Exercise goal: In the entries that follow, the lines from the one with "(fun _ _ s => s)" through the one with "Lemma min_algo_decision_in_lowest P" are the ones to write out, exactly and with both ends included. Nothing else should appear.

+++ Records to use +++

(* Let $S$ be a nonempty set of graphs on $\Pi$. Then for every integer $i$ with $1\le i<\mathrm{eqdom}(S)$, $(i+(n-\mathrm{cov}_i(S)))$-set agreement is solvable in one round on the closed-above model generated by $S$.
   Context: Fix a set of $n$ processes $\Pi=\{p_1,\dots,p_n\}$. A graph is a directed graph with vertex set $\Pi$; every graph is assumed to contain all self-loops $(p,p)$. For a graph $G$ and $p\in\Pi$, $Out_G(p)=\{q:(p,q)\in E(G)\}$ and $In_G(p)=\{q:(q,p)\in E(G)\}$; for $P\subseteq\Pi$, $Out_G(P)=\bigcup_{p\in P}Out_G(p)$. Computation proceeds in failure-free, communication-closed rounds: in each round $r$ a graph $G_r$ is chosen and each process $p$ receives in round $r$ exactly the round-$r$ messages of the processes in $In_{G_r}(p)$. A communication model is a set of infinite sequences of graphs; an execution is allowed iff its sequence of round graphs belongs to the model. For a graph $G$, $\uparrow G=\{H: E(H)\supseteq E(G)\}$. The closed-above model generated by a set $S$ of graphs is $(\bigcup_{G\in S}\uparrow G)^\omega$. In $k$-set agreement each process starts with an input from a totally ordered set $V_{in}$ and must decide a value so that every decided value is the input of some process and at most $k$ distinct values are decided; it is solvable in $r$ rounds on a model if some algorithm guarantees this, with all processes deciding after $r$ rounds, in every allowed execution and for every input assignment. For a graph $G$, $\mathrm{eqdom}(G)=\min\{i\in[1,n]: \forall P\subseteq\Pi,\ |P|=i\Rightarrow Out_G(P)=\Pi\}$, and $\mathrm{eqdom}(S)=\max_{G\in S}\mathrm{eqdom}(G)$. For a graph $G$ and $i\in[1,n]$, the $i$-th covering number is $\mathrm{cov}_i(G)=\min_{P\subseteq\Pi,|P|=i}|Out_G(P)|$, and $\mathrm{cov}_i(S)=\min_{G\in S}\mathrm{cov}_i(G)$. *)

From mathcomp Require Import all_boot all_order.
Set Implicit Arguments. Unset Strict Implicit. Unset Printing Implicit Defensive.

(* Processes are 'I_n. A graph is its edge set; (p,q) \in G means an edge p -> q. *)
Definition graph (n : nat) := {set 'I_n * 'I_n}.

Definition has_loops n (G : graph n) : Prop := forall p : 'I_n, (p, p) \in G.

Definition Out n (G : graph n) (P : {set 'I_n}) : {set 'I_n} :=
  [set q | [exists p in P, (p, q) \in G]].

Definition In n (G : graph n) (p : 'I_n) : {set 'I_n} := [set q | (q, p) \in G].

Definition eqdom n (G : graph n) : nat :=
  \big[minn/n]_(i < n.+1 | (0 < i) &&
      [forall P : {set 'I_n}, (#|P| == i) ==> (Out G P == [set: 'I_n])]) i.

Definition eqdom_set n (S : {set graph n}) : nat := \max_(G in S) eqdom G.

Definition cov n (i : nat) (G : graph n) : nat :=
  \big[minn/n]_(P : {set 'I_n} | #|P| == i) #|Out G P|.

Definition cov_set n (i : nat) (S : {set graph n}) : nat :=
  \big[minn/n]_(G in S) cov i G.

Definition closed_above_model n (S : {set graph n}) (gs : nat -> graph n) : Prop :=
  forall r : nat, exists2 G, G \in S & G \subset gs r.

(* A general deterministic round-based algorithm (arbitrary local states and
   messages).  Round r+1 uses the graph gs r. *)
Record algo (n : nat) (V : Type) := Algo {
  a_state : Type;
  a_msg : Type;
  a_init : 'I_n -> V -> a_state;
  a_send : nat -> 'I_n -> a_state -> a_msg;
  a_trans : nat -> 'I_n -> a_state -> ('I_n -> option a_msg) -> a_state;
  a_dec : 'I_n -> a_state -> V }.

Fixpoint run n V (A : algo n V) (gs : nat -> graph n) (x : 'I_n -> V) (r : nat)
  : 'I_n -> a_state A :=
  match r with
  | 0 => fun p => @a_init n V A p (x p)
  | r'.+1 =>
      let s := @run n V A gs x r' in
      fun p => @a_trans n V A r' p (s p)
        (fun q => if q \in In (gs r') p then Some (@a_send n V A r' q (s q)) else None)
  end.

Definition k_set_agreement_ok n (V : eqType) (k : nat) (x d : 'I_n -> V) : Prop :=
  (forall p, exists q, d p = x q) /\ size (undup [seq d p | p <- enum 'I_n]) <= k.

Definition solvable_in n (V : eqType) (model : (nat -> graph n) -> Prop)
  (k r : nat) : Prop :=
  exists A : algo n V, forall gs, model gs -> forall x : 'I_n -> V,
    k_set_agreement_ok k x (fun p => @a_dec n V A p (run A gs x r p)).

(* Every process decides the smallest value it has heard of, its own
   included.  Let P be the i processes with the smallest inputs and G the
   round graph.  A process hearing from some q in P decides a value at most
   x q; being the input of some process, that value is either an input of P
   or at least x q, so it is an input of P.  Hence the processes of
   Out_G(P) decide at most i values, and the remaining n - |Out_G(P)|
   processes, with |Out_G(P)| >= cov_i(S), at most one value each. *)

From mathcomp Require Import all_boot all_order.
Import Order.TTheory.

Section FoldrMin.
Context {d : Order.disp_t} {V : orderType d}.

Lemma foldr_min_mem (s : V) (l : seq V) : foldr Order.min s l \in s :: l.
Proof.
elim: l => [|v l IH] /=; first by rewrite mem_seq1.
rewrite !inE in IH *; case: leP => _; first by rewrite eqxx orbT.
by case/orP: IH => ->; rewrite ?orbT.
Qed.

Lemma foldr_min_le (s : V) (l : seq V) v :
  v \in l -> (foldr Order.min s l <= v)%O.
Proof.
elim: l => [|w l IH] //=; rewrite inE ge_min => /orP[/eqP <-|/IH ->].
  by rewrite lexx.
by rewrite orbT.
Qed.

End FoldrMin.

Section LowestSets.
Context {d : Order.disp_t} {V : orderType d} {T : finType}.
Variable x : T -> V.

Definition lowest (P : {set T}) : Prop :=
  forall p q, p \in P -> q \notin P -> (x p <= x q)%O.

Lemma exists_lowest {i} : i <= #|T| -> exists2 P : {set T}, #|P| = i & lowest P.
Proof.
move=> le_i_T.
pose leT p q := (x p <= x q)%O.
have leT_trans : transitive leT by move=> ???; exact: le_trans.
pose s := sort leT (enum T).
have s_uniq : uniq s by rewrite sort_uniq enum_uniq.
exists [set p in take i s].
  rewrite cardsE (card_uniqP _) ?take_uniq // size_take size_sort -cardE.
  by move: le_i_T; case: ltngtP.
move=> p q; rewrite !inE => p_low q_high.
have q_drop : q \in drop i s.
  have : q \in s by rewrite mem_sort mem_enum.
  by rewrite -{1}(cat_take_drop i s) mem_cat (negbTE q_high).
have : sorted leT s by apply: sort_sorted => ??; exact: le_total.
rewrite (sorted_pairwise leT_trans) -{1}(cat_take_drop i s) pairwise_cat.
by case/and3P => /allrelP low_le_high _ _; exact: low_le_high.
Qed.

Lemma lowest_input_below P q r :
  lowest P -> q \in P -> (x r <= x q)%O -> exists2 p, p \in P & x r = x p.
Proof.
move=> lowP qP le_rq; case rP: (r \in P); first by exists r.
exists q => //; apply/eqP; rewrite eq_le le_rq.
exact: lowP (negbT rP).
Qed.

End LowestSets.

Lemma size_undup_map_le {T : finType} {W : eqType} (f : T -> W)
    (A : {set T}) (s : seq W) :
  (forall p, p \in A -> f p \in s) ->
  size (undup [seq f p | p <- enum T]) <= size s + #|~: A|.
Proof.
move=> fA_s.
rewrite cardE -(size_map f) -size_cat; apply: uniq_leq_size (undup_uniq _) _.
move=> _ /[!mem_undup] /mapP[p _ ->]; rewrite mem_cat.
case pA: (p \in A); first by rewrite fA_s.
by rewrite map_f ?orbT // mem_enum inE pA.
Qed.

Lemma bigminn_le {I : finType} (P : {pred I}) (F : I -> nat) m j :
  P j -> \big[minn/m]_(k | P k) F k <= F j.
Proof. by rewrite -minEnat; exact: (@bigmin_le_cond _ nat). Qed.

Section Graphs.
Context {n : nat}.

Lemma Out_subset {G H : graph n} (P : {set 'I_n}) :
  G \subset H -> Out G P \subset Out H P.
Proof.
move=> /subsetP GH; apply/subsetP => q; rewrite !inE.
by case/existsP => p /andP[pP /GH pq]; apply/existsP; exists p; rewrite pP.
Qed.

Lemma cov_set_le_card_Out {S : {set graph n}} {i G} {P : {set 'I_n}} :
  G \in S -> #|P| = i -> cov_set i S <= #|Out G P|.
Proof.
move=> GS cardP; apply: leq_trans (bigminn_le [in S] (cov i) n G GS) _.
by apply: bigminn_le; rewrite cardP.
Qed.

Lemma eqdom_set_le (S : {set graph n}) : eqdom_set S <= n.
Proof.
apply/bigmax_leqP => G _; rewrite /eqdom.
by elim/big_ind: _ => // [a b ha _ | a _]; [rewrite geq_min ha | exact: leq_ord].
Qed.

End Graphs.

Section MinAlgorithm.
Variable n : nat.
Context {d : Order.disp_t} (V : orderType d).

Definition min_algo : algo n V :=
  @Algo n V V V (fun _ v => v) (fun _ _ s => s)
    (fun _ _ s rcv => foldr Order.min s (pmap rcv (enum 'I_n))) (fun _ s => s).

Variables (gs : nat -> graph n) (x : 'I_n -> V).
Let decision p := @a_dec n V min_algo p (run min_algo gs x 1 p).

Lemma min_algo_decides_input p : exists q, decision p = x q.
Proof.
rewrite /decision /=.
have := foldr_min_mem (x p)
  (pmap (fun q => if q \in In (gs 0) p then Some (x q) else None) (enum 'I_n)).
rewrite inE mem_pmap => /orP[/eqP ->|/mapP[q _]]; first by exists p.
by case: ifP => // _ [->]; exists q.
Qed.

Lemma min_algo_decision_le p q : q \in In (gs 0) p -> (decision p <= x q)%O.
Proof.
move=> qp; apply: foldr_min_le; rewrite mem_pmap.
by apply/mapP; exists q; rewrite ?mem_enum ?qp.
Qed.

Lemma min_algo_decision_in_lowest P p :
  lowest x P -> p \in Out (gs 0) P -> exists2 q, q \in P & decision p = x q.
Proof.
move=> lowP; rewrite inE => /existsP[q /andP[qP qp]].
have [r dec_r] := min_algo_decides_input p.
rewrite dec_r; apply: lowest_input_below lowP qP _.
by rewrite -dec_r; apply: min_algo_decision_le; rewrite inE.
Qed.

End MinAlgorithm.

Arguments min_algo_decision_in_lowest {n d V gs x P p}.

Theorem theorem3 (n : nat) (d : Order.disp_t) (V : orderType d)
  (S : {set graph n}) :
  S != set0 ->
  (forall G, G \in S -> has_loops G) ->
  forall i : nat, 1 <= i < eqdom_set S ->
  solvable_in V (closed_above_model S) (i + (n - cov_set i S)) 1.
Proof.
move=> _ _ i /andP[_ lt_i_eqdom].
exists (min_algo n V) => gs /(_ 0)[G GS G_sub] x.
split; first exact: min_algo_decides_input.
have le_i_n : i <= #|'I_n|.
  by rewrite card_ord ltnW // (leq_trans lt_i_eqdom) ?eqdom_set_le.
have [P cardP lowP] := exists_lowest x le_i_n.
set O := Out (gs 0) P.
apply: leq_trans (size_undup_map_le _ O [seq x q | q <- enum P] _) _.
  move=> p /(min_algo_decision_in_lowest lowP) [q qP ->].
  by rewrite map_f ?mem_enum.
rewrite size_map -cardE cardP leq_add2l cardsCs setCK card_ord leq_sub2l //.
apply: leq_trans (cov_set_le_card_Out GS cardP) _.
exact/subset_leq_card/Out_subset.
Qed.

+++

Written answer:
  @Algo n V V V (fun _ v => v) (fun _ _ s => s)
    (fun _ _ s rcv => foldr Order.min s (pmap rcv (enum 'I_n))) (fun _ s => s).

Variables (gs : nat -> graph n) (x : 'I_n -> V).
Let decision p := @a_dec n V min_algo p (run min_algo gs x 1 p).

Lemma min_algo_decides_input p : exists q, decision p = x q.
Proof.
rewrite /decision /=.
have := foldr_min_mem (x p)
  (pmap (fun q => if q \in In (gs 0) p then Some (x q) else None) (enum 'I_n)).
rewrite inE mem_pmap => /orP[/eqP ->|/mapP[q _]]; first by exists p.
by case: ifP => // _ [->]; exists q.
Qed.

Lemma min_algo_decision_le p q : q \in In (gs 0) p -> (decision p <= x q)%O.
Proof.
move=> qp; apply: foldr_min_le; rewrite mem_pmap.
by apply/mapP; exists q; rewrite ?mem_enum ?qp.
Qed.

Lemma min_algo_decision_in_lowest P p :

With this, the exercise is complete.